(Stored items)
(* Let $f,g\in\mathbb{Z}[x,y]$ have no common non-constant factor, let $R^{(y)}=\operatorname{res}(f,g;y)$ and $R^{(x)}=\operatorname{res}(f,g;x)$, and let $\alpha$ and $\beta$ be arbitrary real roots of $R^{(y)}$ and $R^{(x)}$, respectively, with discs $\Delta(\alpha),\Delta(\beta)$ and bounds $L(\alpha),L(\beta)$ constructed as in the context. Then: (1) the polydisc $\Delta(\alpha,\beta):=\Delta(\alpha)\times\Delta(\beta)\subset\mathbb{C}^2$ contains at most one common complex zero of $f$ and $g$; if it contains one, then this zero is real and equals $(\alpha,\beta)$; (2) for every point $(z_1,z_2)$ on the boundary of $\Delta(\alpha,\beta)$, $|R^{(y)}(z_1)|>L(\alpha)$ if $z_1\in\partial\Delta(\alpha)$, and $|R^{(x)}(z_2)|>L(\beta)$ if $z_2\in\partial\Delta(\beta)$.
   Context: Notation: for an interval $I=(a,b)\subset\mathbb{R}$, $m_I=(a+b)/2$, $r_I=(b-a)/2$; $\Delta_r(m)=\{z\in\mathbb{C}:|z-m|<r\}$. For $p\in\mathbb{R}[x]$ and reals $m,r,K$, $T^p_K(m,r)$ means $|p(m)|-K\sum_{k\ge1}\left|\frac{p^{(k)}(m)}{k!}\right|r^k>0$. Construction: write $R^{(y)}=\prod_{i=1}^{\deg R^{(y)}} r_i^{\,i}$ with $r_i\in\mathbb{Z}[x]$ square-free and pairwise coprime. If $\alpha$ is a root of $r_{i_0}$, let $I=I(\alpha)$ be an open real interval containing $\alpha$ such that $T^{(r_{i_0})'}_{3/2}(m_I,8r_I)$ holds and $T^{r_i}_1(m_I,8r_I)$ holds for all $i\neq i_0$; set $\Delta(\alpha):=\Delta_{2r_I}(m_I)$ and $L(\alpha):=2^{-i_0-\deg R^{(y)}}|R^{(y)}(m_I-2r_I)|$. $\Delta(\beta)$, $L(\beta)$ are constructed identically from $R^{(x)}$ and its square-free factorization. *)

From HB Require Import structures.
From mathcomp Require Import all_boot all_order all_algebra.
From mathcomp Require Import complex.
From mathcomp Require Import reals.
Set Implicit Arguments. Unset Strict Implicit. Unset Printing Implicit Defensive.
Import Order.TTheory GRing.Theory Num.Theory.
Local Open Scope ring_scope.

(* Bivariate integer polynomials f in Z[x,y] are represented as
   f : {poly {poly int}} with OUTER variable y and INNER variable x,
   i.e. f = \sum_j c_j(x) y^j.  Hence res(f,g;y) = resultant f g (a polynomial
   in x) and res(f,g;x) = resultant (swapXY f) (swapXY g) (a polynomial in y). *)

Definition res_y (f g : {poly {poly int}}) : {poly int} := resultant f g.
Definition res_x (f g : {poly {poly int}}) : {poly int} :=
  resultant (swapXY f) (swapXY g).

Definition polyZ (K : nzRingType) (p : {poly int}) : {poly K} :=
  map_poly (fun c : int => c%:~R) p.

Definition evZ (K : nzRingType) (p : {poly int}) (z : K) : K := (polyZ K p).[z].

(* evaluation of f in Z[x,y] at (x,y) = (z1,z2) *)
Definition evXY (K : comNzRingType) (f : {poly {poly int}}) (z1 z2 : K) : K :=
  ((map_poly (polyZ K) f).[z2%:P]).[z1].

Definition no_common_factor (f g : {poly {poly int}}) : Prop :=
  forall h q1 q2 : {poly {poly int}}, f = h * q1 -> g = h * q2 ->
    exists c : int, h = c%:P%:P.

Definition squarefreeZ (p : {poly int}) : Prop :=
  forall q s : {poly int}, p = q * q * s -> (size q <= 1)%N.

Definition coprimeZ (p q : {poly int}) : Prop :=
  forall h s t : {poly int}, p = h * s -> q = h * t -> (size h <= 1)%N.

Definition sqfree_factorization (Rp : {poly int}) (r : nat -> {poly int}) : Prop :=
  [/\ Rp = \prod_(1 <= i < (size Rp).-1.+1) r i ^+ i,
      (forall i, (1 <= i <= (size Rp).-1)%N -> squarefreeZ (r i)) &
      (forall i j, (1 <= i <= (size Rp).-1)%N -> (1 <= j <= (size Rp).-1)%N ->
         i != j -> coprimeZ (r i) (r j))].
(* Let $a$ be a nonnegative measurable function on $\mathbb{R}_+$ with $a\in L_{\infty,loc}([0,\infty))$, and let $b$ be a nonnegative measurable function on $\mathbb{R}_+^2$ such that for a.e. $y>0$, $\int_0^y x\, b(x,y)\,\mathrm{d}x = y$ and $b(x,y)=0$ for a.e. $x>y$. Assume there are $l\ge 0$ and $b_0\ge 0$ such that $n_0(x)=\int_0^x b(y,x)\,\mathrm{d}y\le b_0(1+x^l)$ for all $x\in\mathbb{R}_+$. Let $m\ge 1$ with $m\geq l$. If $f\ge 0$ and $f\in D(A_{0,m})$, then $$\|\mathcal{B}f\|_{[0,m]}=\int_0^\infty a(y)\big(n_m(y)+n_0(y)\big)f(y)\,\mathrm{d}y<\infty,$$ where $(\mathcal{B}f)(x)=\int_x^\infty a(y)b(x,y)f(y)\,\mathrm{d}y$.
   Context: For $m\ge0$, $n_m(y)=\int_0^y b(x,y)x^m\,\mathrm{d}x$. $X_{0,m}=L_1(\mathbb{R}_+,(1+x^m)\,\mathrm{d}x)$ with norm $\|f\|_{[0,m]}=\int_0^\infty |f(x)|(1+x^m)\,\mathrm{d}x$. $D(A_{0,m})=\{f\in X_{0,m}: af\in X_{0,m}\}$. *)

From HB Require Import structures.
From mathcomp Require Import all_boot all_order all_algebra.
From mathcomp Require Import all_classical all_reals all_analysis.
Set Implicit Arguments. Unset Strict Implicit. Unset Printing Implicit Defensive.
Import Order.TTheory GRing.Theory Num.Theory.
Import numFieldNormedType.Exports.
Local Open Scope classical_set_scope.
Local Open Scope ring_scope.
Local Open Scope ereal_scope.

(* R_+ is taken as [0, +oo); all integrals are Lebesgue integrals
   (extended-real valued) w.r.t. Lebesgue measure on R. *)
Section Defs.
Variable R : realType.
Notation mu := (@lebesgue_measure R).

Definition nmom (b : R -> R -> R) (m : R) (y : R) : \bar R :=
  \int[mu]_(x in `[0%R, y]) (b x y * x `^ m)%:E.

Definition Bop (a : R -> R) (b : R -> R -> R) (f : R -> R) (x : R) : \bar R :=
  \int[mu]_(y in `]x, +oo[) (a y * b x y * f y)%:E.

Definition norm0m (m : R) (g : R -> \bar R) : \bar R :=
  \int[mu]_(x in `[0%R, +oo[) (`|g x| * (1 + x `^ m)%:E).

Definition inX0m (m : R) (f : R -> R) : Prop :=
  measurable_fun (`[0%R, +oo[ : set R) f /\ norm0m m (fun x => (f x)%:E) < +oo.

Definition inDA0m (a : R -> R) (m : R) (f : R -> R) : Prop :=
  inX0m m f /\ inX0m m (fun x => (a x * f x)%R).
End Defs.

From HB Require Import structures.
From mathcomp Require Import all_boot all_order all_algebra.
From mathcomp Require Import all_classical all_reals all_analysis.
From mathcomp Require Import measurable_realfun ring lra.
Import Order.TTheory GRing.Theory Num.Theory.
Import numFieldNormedType.Exports.
Local Open Scope classical_set_scope.
Local Open Scope ring_scope.
Local Open Scope ereal_scope.
Lemma is_ideal_principal x : is_ideal (principal_ideal x).
Proof.
split=> [|y1 y2|r y]; rewrite !principal_idealP; first by exists 0; rewrite mul0r.
  by move=> [c1 ->] [c2 ->]; exists (c1 + c2); rewrite mulrDl.
by move=> [c ->]; exists (r * c); rewrite mulrA.
Qed.

Lemma is_idealI I J : is_ideal I -> is_ideal J -> is_ideal (fun y => I y /\ J y).
Proof.
case=> I0 I_add I_mul [J0 J_add J_mul]; split=> // [y1 y2 [] ? ? [] ? ?|r y [] ? ?].
  by split; [apply: I_add | apply: J_add].
by split; [apply: I_mul | apply: J_mul].
Qed.

Variables (N : nat) (G : 'I_N -> R).

Lemma gen_ideal_is_ideal : is_ideal (gen_ideal G).
Proof.
split=> [|y1 y2 [c1 ->] [c2 ->]|r y [c ->]].
- by exists (fun=> 0); rewrite big1 // => a _; rewrite mul0r.
- exists (fun a => c1 a + c2 a).
  by rewrite -big_split; apply: eq_bigr => a _; rewrite mulrDl.
- exists (fun a => r * c a).
  by rewrite mulr_sumr; apply: eq_bigr => a _; rewrite mulrA.
Qed.

Lemma gen_ideal_gen a : gen_ideal G (G a).
Proof.
exists (fun b => (b == a)%:R); rewrite (bigD1 a) //= eqxx mul1r big1 ?addr0 //.
by move=> b /negbTE ->; rewrite mul0r.
Qed.

Lemma gen_ideal_min I : is_ideal I -> (forall a, I (G a)) -> ideal_sub (gen_ideal G) I.
Proof.
case=> I0 I_add I_mul IG y [c ->].
by elim/big_ind: _ => // a _; apply: I_mul.
Qed.

End IdealFacts.

Section Levels.
Variables (F : fieldType) (R : comNzRingType) (e : {rmorphism {poly F} -> R}).
Variables (u : R) (t : nat).
Hypothesis u_nilp : u ^+ t = 0.
Hypothesis decomp : forall y, exists f z, y = e f + u * z.
Variables (l : nat) (v : 'I_l -> {poly F}) (n : 'I_l -> nat).
Hypothesis v_irr : forall j, irreducible_poly (v j).
Hypothesis v_dist : forall i j, i != j -> ~~ (v i %= v j).
Hypothesis prod_powers_in_u : exists z, e (prod_powers v n) = u * z.
Variable I : R -> Prop.
Hypothesis I_ideal : is_ideal I.

Definition level (j : nat) (f : {poly F}) : Prop :=
  exists z, I (u ^+ j * e f + u ^+ j.+1 * z).

Definition level_gen (k : 'I_l -> nat) (z : R) (j : nat) : R :=
  u ^+ j * e (prod_powers v k) + u ^+ j.+1 * z.

Definition deficient (k : 'I_l -> nat) : bool := [exists j, (k j < n j)%N].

▶ [What you should do]
Where in the records does the word "mulrDl" appear? Copy each line that holds it.

▶ [Answer to this problem]
  by move=> [c1 ->] [c2 ->]; exists (c1 + c2); rewrite mulrDl.
  by rewrite -big_split; apply: eq_bigr => a _; rewrite mulrDl.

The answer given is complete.